# Chodzić za



## Szkot

I am puzzled by the highlighted phrase in the following quotation (Z. Miłoszewski, Gniew):



> ... do swojego domu ..., gdzie ... czekałaby na męża, żeby jej przygotował żółte curry ze szpinakiem, które *chodziło za nią* od poniedziałku.



What has been going on since Monday (it's now Thursday)?


----------



## zaffy

If something 'chodzi za tobą (following you)', you think about it all the time.  So she has been thinking a lot about spinach curry since Monday. Looks like she loves eating that dish and can't wait to have it.


----------



## Szkot

Thank you - it takes all sorts .


----------



## RaphaelRaphael

Sometimes it sounds so simple and you really do not know how to say ...


----------



## jasio

Actually, it's not so much about thinking alone, it's more about a desire. Weaker than in case of dreaming about something, but still persistent. You may use it with dishes you would like to eat, things you want to buy, some abstract ideas, like vacation, sometimes even pets, albeit in such cases it should be clear from context what you actually mean. I don't think I've heard it referring to people though. 
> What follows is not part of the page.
(* Let $\Gamma,\Delta$ be finite sets of formulas, $\alpha$ an atomic mapping for $\Gamma\cup\Delta$, and $\mathcal{U}$ the simulation base for $\Gamma\cup\Delta$ and $\alpha$. Let $\Theta_{\mathsf{At}}$ be any (possibly empty) finite set of atoms, $\Sigma$ any non-empty finite set of subformulas of formulas in $\Gamma\cup\Delta$, and $\Sigma_{\mathsf{At}}=\{p^B\mid B\in\Sigma\}$. Then for every base $\mathcal{B}\supseteq\mathcal{U}_{\mathcal{ST}}$: $\Vdash_{\mathcal{B}}\Sigma,\Theta_{\mathsf{At}}$ if and only if $\vdash_{\mathcal{B}}\ \Rightarrow\Sigma_{\mathsf{At}},\Theta_{\mathsf{At}}$.
   Context: Fix a countably infinite set $\mathsf{At}$ of atoms. Formulas are built from atoms and the constant $\bot$ using the binary connectives $\land,\lor,\to$. All contexts are finite sets (not multisets) of formulas; a comma denotes union; a subscript $\mathsf{At}$ indicates a finite set of atoms. An atomic sequent has the form $\Gamma_{\mathsf{At}} \Rightarrow \Delta_{\mathsf{At}}$. An atomic rule has finitely many (possibly zero) atomic sequents as premises and one atomic sequent as conclusion; a rule with zero premises is an atomic axiom. A base is a (possibly empty) set of atomic rules; $\mathcal{C}\supseteq\mathcal{B}$ ($\mathcal{C}$ extends $\mathcal{B}$) if $\mathcal{C}$ contains every rule of $\mathcal{B}$. Derivability $\vdash_{\mathcal{B}}$ of atomic sequents is the least relation such that: (Axiom/Weakening) if an atomic axiom with conclusion $\Gamma_{\mathsf{At}}\Rightarrow\Delta_{\mathsf{At}}$ is in $\mathcal{B}$, then $\vdash_{\mathcal{B}} \Theta_{\mathsf{At}},\Gamma_{\mathsf{At}}\Rightarrow\Delta_{\mathsf{At}},\Sigma_{\mathsf{At}}$ for all sets of atoms $\Theta_{\mathsf{At}},\Sigma_{\mathsf{At}}$; (Mix) if a rule with premises $\Gamma^i_{\mathsf{At}}\Rightarrow\Delta^i_{\mathsf{At}}$ ($1\le i\le n$) and conclusion $\Gamma_{\mathsf{At}}\Rightarrow\Delta_{\mathsf{At}}$ is in $\mathcal{B}$ and $\vdash_{\mathcal{B}} \Theta^i_{\mathsf{At}},\Gamma^i_{\mathsf{At}}\Rightarrow\Delta^i_{\mathsf{At}},\Sigma^i_{\mathsf{At}}$ for each $i$, then $\vdash_{\mathcal{B}} \Theta^1_{\mathsf{At}},\dots,\Theta^n_{\mathsf{At}},\Gamma_{\mathsf{At}}\Rightarrow\Delta_{\mathsf{At}},\Sigma^1_{\mathsf{At}},\dots,\Sigma^n_{\mathsf{At}}$. Support $\Vdash_{\mathcal{B}}$: (At) $\Vdash_{\mathcal{B}}\Gamma_{\mathsf{At}}$ iff $\vdash_{\mathcal{B}}\ \Rightarrow\Gamma_{\mathsf{At}}$; ($\land$) $\Vdash_{\mathcal{B}} A\land B,\Gamma$ iff $\Vdash_{\mathcal{B}}A,\Gamma$ and $\Vdash_{\mathcal{B}}B,\Gamma$; ($\lor$) $\Vdash_{\mathcal{B}}A\lor B,\Gamma$ iff $\Vdash_{\mathcal{B}}A,B,\Gamma$; ($\to$) $\Vdash_{\mathcal{B}}A\to B,\Gamma$ iff $A\Vdash_{\mathcal{B}}B,\Gamma$; ($\bot$) $\Vdash_{\mathcal{B}}\bot,\Gamma$ iff $\Vdash_{\mathcal{B}}\Gamma$; (Inf) for $n\ge1$, $\{A^1,\dots,A^n\}\Vdash_{\mathcal{B}}\Delta$ iff for every $\mathcal{C}\supseteq\mathcal{B}$ and all sets of atoms $\Theta^1_{\mathsf{At}},\dots,\Theta^n_{\mathsf{At}}$, if $\Vdash_{\mathcal{C}}\Theta^i_{\mathsf{At}},A^i$ for all $i$ then $\Vdash_{\mathcal{C}}\Theta^1_{\mathsf{At}},\dots,\Theta^n_{\mathsf{At}},\Delta$ (and $\varnothing\Vdash_{\mathcal{B}}\Delta$ means $\Vdash_{\mathcal{B}}\Delta$). The atomic identity rule $\mathsf{Ainit}$ is the atomic axiom $\Gamma_{\mathsf{At}},p\Rightarrow p,\Delta_{\mathsf{At}}$; the atomic cut rule $\mathsf{Acut}$ has premises $\Gamma^1_{\mathsf{At}}\Rightarrow\Delta^1_{\mathsf{At}},p$ and $p,\Gamma^2_{\mathsf{At}}\Rightarrow\Delta^2_{\mathsf{At}}$ and conclusion $\Gamma^1_{\mathsf{At}},\Gamma^2_{\mathsf{At}}\Rightarrow\Delta^1_{\mathsf{At}},\Delta^2_{\mathsf{At}}$. $\mathcal{ST}$ is the base consisting of all instances of $\mathsf{Ainit}$ and $\mathsf{Acut}$. Atomic mapping: for a set of formulas $\Sigma_0$ with set of subformulas $S$, an atomic mapping is an injective function $\alpha:S\to\mathsf{At}$ with $\alpha(p)=p$ for every atom $p\in S$; write $p^A:=\alpha(A)$ (so $p^p=p$ for atoms). The simulation base $\mathcal{U}$ for $\Sigma_0$ and $\alpha$ consists exactly of the following atomic rules, for all formulas $A,B$ such that the displayed compound formula lies in $S$ (and for $p^\bot$ when $\bot\in S$), and all sets of atoms $\Gamma_{\mathsf{At}},\Delta_{\mathsf{At}},\Gamma'_{\mathsf{At}},\Delta'_{\mathsf{At}}$ (write $\Gamma,\Delta,\Gamma',\Delta'$ for these): $L\land$: from $p^A,p^B,\Gamma\Rightarrow\Delta$ infer $p^{A\land B},\Gamma\Rightarrow\Delta$; $R\land$: from $\Gamma\Rightarrow\Delta,p^A$ and $\Gamma'\Rightarrow\Delta',p^B$ infer $\Gamma,\Gamma'\Rightarrow\Delta,\Delta',p^{A\land B}$; $L\lor$: from $p^A,\Gamma\Rightarrow\Delta$ and $p^B,\Gamma'\Rightarrow\Delta'$ infer $p^{A\lor B},\Gamma,\Gamma'\Rightarrow\Delta,\Delta'$; $R\lor$: from $\Gamma\Rightarrow\Delta,p^A,p^B$ infer $\Gamma\Rightarrow\Delta,p^{A\lor B}$; $L\to$: from $\Gamma\Rightarrow\Delta,p^A$ and $p^B,\Gamma'\Rightarrow\Delta'$ infer $p^{A\to B},\Gamma,\Gamma'\Rightarrow\Delta,\Delta'$; $R\to$: from $p^A,\Gamma\Rightarrow\Delta,p^B$ infer $\Gamma\Rightarrow\Delta,p^{A\to B}$; $R\bot$: from $\Gamma\Rightarrow\Delta$ infer $\Gamma\Rightarrow\Delta,p^\bot$; $L\bot$: axiom $\Gamma,p^\bot\Rightarrow\Delta$. Put $\mathcal{U}_{\mathcal{ST}}:=\mathcal{U}\cup\mathcal{ST}$. *)

From HB Require Import structures.
From mathcomp Require Import all_boot.
From mathcomp Require Import finmap.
Please note that there is also another idiom referring to persistent thoughts: prześladować. For obvious reasons it refers to unpleasant ideas.


----------



## grassy

zaffy said:


> So she has been thinking a lot about spinach curry since Monday


That's how I understand it too.


jasio said:


> Actually, it's not so much about thinking alone, it's more about a desire.


I am afraid that it's as much about thinking as it is about desiring. After all, we often think about what we desire.


Szkot said:


> (Z. Miłoszewski, Gniew):


Poleciłbyś tę książkę, Szkocie?


----------



## jasio

grassy said:


> I am afraid that it's as much about thinking as it is about desiring. After all, we often think about what we desire.


Not really. After all, you may think about something without wanting it, can't you? Would you say in such case that "coś za Tobą chodzi"?


----------



## grassy

jasio said:


> After all, you may think about something without wanting it, can't you? Would you say in such case that "coś za Tobą chodzi"?


We seem to agree that the expression, as used in the OP, means that the wife wanted the yellow curry. Zaffy and I take it to include the nuance of thinking a lot about something, which, in the context of food, implies wanting that particular food item.


----------



## jasio

grassy said:


> We seem to agree that the expression, as used in the OP, means that the wife wanted the yellow curry. Zaffy and I take it to include the nuance of thinking a lot about something, which, in the context of food, implies wanting that particular food item.


I've never questioned the "wanting" aspect (a "temptation" could be a better word in some contexts). On the contrary, from my perspective it's the most important, perhaps decisive. I only question the "thinking" aspect as such, which is not the same. Compare "prześladuje mnie to". It also reflects persistent thoughts (or memories, which are also a form of thinking), but this time they are rather unpleasant.


----------